This document describes the complete boot flow from power-on to OS handoff.

See also: architecture.md for component overview, tpm.md for TPM PCR details, security-model.md for the trust model.


Overview

Power-on
  │
  ▼
coreboot (SPI flash)
  │  hardware init, SRTM measurement into PCR 2
  ▼
Linux kernel (coreboot payload, no initramfs)
  │
  ▼
/init  ← first userspace process
  │  mount filesystems, load config, combine user overrides
  ▼
/bin/gui-init  ← main interactive boot loop
  │  TPM preflight, GPG key check, TOTP/HOTP attestation
  ▼
kexec-select-boot
  │  verify /boot hashes + GPG signature, rollback counter
  ▼
kexec  ← hands off to OS kernel

Stage 1: /init

/init is the first userspace process. It:

  1. Mounts virtual filesystems (/dev, /proc, /sys).
  2. Loads board defaults from /etc/config and the functions library.
  3. Runs cbfs-init to extract user configuration from CBFS into /etc/config.user.
  4. Calls combine_configs() to merge all /etc/config* files into /tmp/config, then sources /tmp/config so all subsequent scripts see the merged settings.
  5. If CONFIG_BOOT_RECOVERY_SERIAL is set, starts a background pause_recovery path on that serial TTY (/dev/ttyS*) that waits for Enter and then launches the recovery shell there.
  6. Checks for a quick r keypress (100 ms timeout) to drop to a recovery shell before any GUI starts.
  7. Starts cttyhack $CONFIG_BOOTSCRIPT (default: /bin/gui-init) under a PID 1 respawn loop, so the boot script is relaunched if it exits unexpectedly while init stays alive.

Config file merge

Merges board defaults, user overrides, and CBFS config into /tmp/config. See architecture.md#configuration-system.


Stage 2: /bin/gui-init

gui-init is the main interactive boot agent. It runs as an infinite loop and handles all user interaction until the OS is handed off via kexec.

Initialization

On startup, gui-init detects the controlling TTY (set by cttyhack in /init) and exports it as HEADS_TTY and GPG_TTY. This ensures that all interactive prompts and GPG operations reach the correct terminal regardless of stdout/stderr redirections.

TPM rollback preflight

Before showing any menu, gui-init verifies that the TPM rollback counter is consistent with /boot/kexec_rollback.txt. An inconsistency indicates either a TPM reset (expected: user must re-seal secrets) or an unexpected state (possible tampering). On failure, the main menu background is set to error color and the user is offered recovery options.
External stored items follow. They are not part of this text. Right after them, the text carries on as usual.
(* Let $W:\Omega^2\to[0,1]$ be a graphon and $F$ a graph on vertex set $[k]$. Suppose that $\mathfrak{c}:\Omega\to[0,1]$ is a fractional $F$-cover of $W$ and that $\mathfrak{t}:\Omega^k\to[0,1]$ is an $F$-tiling in $W$. Then $\|\mathfrak{t}\|\le\|\mathfrak{c}\|$.
   Context: $(\Omega,\nu)$ is an atomless Borel probability space; a graphon is a symmetric measurable $W:\Omega^2\to[0,1]$. $W^{\otimes F}(x_1,\dots,x_k)=\prod_{ij\in E(F),i<j}W(x_i,x_j)$ and $\mathcal{F}_F(W)=\{W^{\otimes F}\neq0\}$. An $F$-tiling in $W$ is a measurable $\mathfrak{t}:\Omega^k\to[0,\infty)$ with $\{\mathfrak{t}\neq0\}\subset\mathcal{F}_F(W)$ such that for each $x\in\Omega$, $\sum_{\ell=1}^k\int\mathfrak{t}(x_1,\dots,x_{\ell-1},x,x_{\ell+1},\dots,x_k)\,\mathrm{d}\nu^{k-1}\le1$ (integrating over all coordinates except the $\ell$-th); its size is $\|\mathfrak{t}\|=\int\mathfrak{t}\,\mathrm{d}\nu^k$. A fractional $F$-cover of $W$ is a measurable $\mathfrak{c}:\Omega\to[0,1]$ with $\nu^k\big(\mathcal{F}_F(W)\cap\{(x_1,\dots,x_k):\sum_{i=1}^k\mathfrak{c}(x_i)<1\}\big)=0$; its size is $\|\mathfrak{c}\|=\int\mathfrak{c}\,\mathrm{d}\nu$. *)

From HB Require Import structures.
From mathcomp Require Import all_boot all_order all_algebra.
From mathcomp Require Import all_classical all_reals all_analysis.
Set Implicit Arguments. Unset Strict Implicit. Unset Printing Implicit Defensive.
Import Order.TTheory GRing.Theory Num.Theory.
Local Open Scope classical_set_scope.
Local Open Scope ring_scope.

Section graphon_defs.
Context {d : measure_display} {T : measurableType d} {R : realType}.

(** The k-fold product measure nu^k on Omega^k = k.-tuple T (product
    sigma-algebra, from MathComp-Analysis), built by iterating the binary
    product measure: nu^0 is the Dirac mass at the empty tuple and
    nu^(k+1)(A) = (nu x nu^k)({(x,s) | x :: s \in A}). *)
Local Unset Implicit Arguments.
Fixpoint prod_meas (mu : set T -> \bar R) (k : nat) : set (k.-tuple T) -> \bar R :=
  match k return set (k.-tuple T) -> \bar R with
  | 0 => fun A => ((\1_A [tuple]) : R)%:E
  | k'.+1 => fun A =>
      (mu \x prod_meas mu k')%E
        ((fun p : T * k'.-tuple T => [tuple of p.1 :: p.2]) @^-1` A)
  end.
Local Set Implicit Arguments.

Definition graph_tensor (k : nat) (F : rel 'I_k) (W : T -> T -> R)
    (x : k.-tuple T) : R :=
  \prod_(i < k) \prod_(j < k | (i < j)%N && F i j) W (tnth x i) (tnth x j).

Definition support_F (k : nat) (F : rel 'I_k) (W : T -> T -> R) :
    set (k.-tuple T) :=
  [set x | graph_tensor F W x != 0].

Definition insert_at (k : nat) (l : 'I_k) (x : T) (s : (k.-1).-tuple T) :
    k.-tuple T :=
  [tuple (if (i < l)%N then nth x s i
          else if i == l :> nat then x else nth x s i.-1) | i < k].

Definition graphon (mu : set T -> \bar R) (W : T -> T -> R) : Prop :=
  [/\ measurable_fun [set: T * T] (fun p => W p.1 p.2),
      (forall x y, W x y = W y x) &
      (forall x y, 0 <= W x y <= 1)].

Definition F_tiling (mu : set T -> \bar R) (k : nat) (F : rel 'I_k)
    (W : T -> T -> R) (t : k.-tuple T -> R) : Prop :=
  [/\ measurable_fun [set: k.-tuple T] t,
      (forall x, 0 <= t x),
      [set x | t x != 0] `<=` support_F F W &
      (forall x : T,
        (\sum_(l < k)
            \int[prod_meas mu k.-1]_s (t (insert_at l x s))%:E <= 1)%E)].

Definition tiling_size (mu : set T -> \bar R) (k : nat)
    (t : k.-tuple T -> R) : \bar R :=
  (\int[prod_meas mu k]_x (t x)%:E)%E.

Definition fractional_F_cover (mu : set T -> \bar R) (k : nat)
    (F : rel 'I_k) (W : T -> T -> R) (c : T -> R) : Prop :=
  [/\ measurable_fun [set: T] c,
      (forall x, 0 <= c x <= 1) &
      prod_meas mu k
        (support_F F W `&` [set x | \sum_(i < k) c (tnth x i) < 1]) = 0%E].

Definition cover_size (mu : set T -> \bar R) (c : T -> R) : \bar R :=
  (\int[mu]_x (c x)%:E)%E.

End graphon_defs.

Definition standard_borel {d : measure_display} (T : measurableType d)
    (R : realType) : Prop :=
  exists (B : set R) (f : T -> R) (g : R -> T),
    [/\ measurable B, measurable_fun [set: T] f, measurable_fun B g,
        (forall x, B (f x) /\ g (f x) = x) &
        (forall y, B y -> f (g y) = y)].

Definition atomless {d : measure_display} {T : measurableType d}
    {R : realType} (mu : set T -> \bar R) : Prop :=
  forall A : set T, measurable A -> (0 < mu A)%E ->
    exists2 B : set T, measurable B /\ B `<=` A &
      (0 < mu B)%E /\ (mu B < mu A)%E.

From HB Require Import structures.
From mathcomp Require Import all_boot all_order all_algebra.
From mathcomp Require Import all_classical all_reals all_analysis.
From mathcomp Require Import measurable_realfun.
Import Order.TTheory GRing.Theory Num.Theory.
Local Open Scope classical_set_scope.
Local Open Scope ring_scope.

(* Weak LP duality. Since \sum_i c(x_i) >= 1 for almost every x in F_F(W),
   which contains {t <> 0}, ||t|| <= \int t(x) \sum_i c(x_i) dnu^k. The product
   measure is exchangeable: by Fubini-Tonelli the i-th summand may be integrated
   with x_i = y outermost, which turns the bound into
   \int c(y) \sum_i \int t(x_1,..,x_(i-1),y,x_(i+1),..,x_k) dnu^(k-1) dy,
   and the tiling condition bounds the inner sum by 1. For k = 0 there is no
   fractional cover at all: the empty tuple lies in F_F(W) with c-sum 0 < 1. *)

Lemma fubini_tonelli_outer {d1 d2 d3 : measure_display} {T1 : measurableType d1}
    {T2 : measurableType d2} {T3 : measurableType d3} {R : realType}
    (m1 : {sigma_finite_measure set T1 -> \bar R})
    (m2 : {sigma_finite_measure set T2 -> \bar R})
    (m3 : {sigma_finite_measure set T3 -> \bar R}) (f : T1 * T2 * T3 -> \bar R) :
  measurable_fun setT f -> (forall z, (0 <= f z)%E) ->
  (\int[m1]_x \int[m2]_y \int[m3]_z f (x, y, z) =
   \int[m2]_y \int[m1]_x \int[m3]_z f (x, y, z))%E.
Proof.
move=> mf f0; apply: (fubini_tonelli (fubini_F m3 f)).
- exact: measurable_fun_fubini_tonelli_F.
- by move=> p; apply: integral_ge0.
Qed.

Lemma ge0_le_integral_mulr_ae {d : measure_display} {X : measurableType d} {R : realType}
    (mu : {measure set X -> \bar R}) (f g : X -> R) :
  measurable_fun setT f -> measurable_fun setT g ->
  (forall x, 0 <= f x) -> (forall x, 0 <= g x) ->
  {ae mu, forall x, f x != 0 -> 1 <= g x} ->
  (\int[mu]_x (f x)%:E <= \int[mu]_x (f x * g x)%:E)%E.
Proof.
move=> mf mg f0 g0 fg1; apply: ae_ge0_le_integral => //.
- by move=> x _; rewrite lee_fin.
- exact/measurable_EFinP.
- by move=> x _; rewrite lee_fin mulr_ge0.
- exact/measurable_EFinP/measurable_funM.
apply: filterS fg1 => x fg1 _; rewrite lee_fin.
have [->|/fg1] := eqVneq (f x) 0; first by rewrite mul0r.
exact: ler_peMr.
Qed.

Section insert_at.
Context {d : measure_display} {T : measurableType d}.

Lemma tnth_insert_at k (l : 'I_k) (x : T) (s : k.-1.-tuple T) :
  tnth (insert_at l x s) l = x.
Proof. by rewrite /insert_at tnth_mktuple ltnn eqxx. Qed.

Lemma insert_at0 k (x : T) (s : k.-tuple T) :
  insert_at (ord0 : 'I_k.+1) x s = [tuple of x :: s].
Proof.
apply: eq_from_tnth => i; rewrite /insert_at tnth_mktuple (tnth_nth x) /=.
by case: i => [[|i] ?].
Qed.

Lemma insert_at_lift0 n (l : 'I_n.+1) (x y : T) (s : n.-tuple T) :
  insert_at (lift ord0 l) x [tuple of y :: s] = [tuple of y :: insert_at l x s].
Proof.
apply: eq_from_tnth => i; rewrite /insert_at tnth_mktuple (tnth_nth x) /=.
case: i => [[|j] /= Hj] //; rewrite /bump add1n.
have jn : (j < size (enum 'I_n.+1))%N by rewrite size_enum_ord.
rewrite ltnS eqSS (nth_map ord0 _ _ jn) nth_enum_ord -?size_enum_ord //.
case: ifP => // jl; case: ifP => // jl2.
by case: j jl jl2 {Hj jn} => [|j] //=; case: (nat_of_ord l).
Qed.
GPG key check (check_gpg_key)

gui-init counts the keys in the GPG keyring. An empty keyring means no /boot signature can be verified. The user must add a key or perform OEM Factory Reset before booting.

TOTP generation (update_totp)

unseal-totp retrieves the TOTP secret from TPM NVRAM and generates the current 30-second code. If the unseal fails (PCR mismatch, TPM reset, tampered firmware), INTEGRITY_GATE_REQUIRED is set to y, which blocks all subsequent TPM secret sealing until an integrity check passes. See security-model.md.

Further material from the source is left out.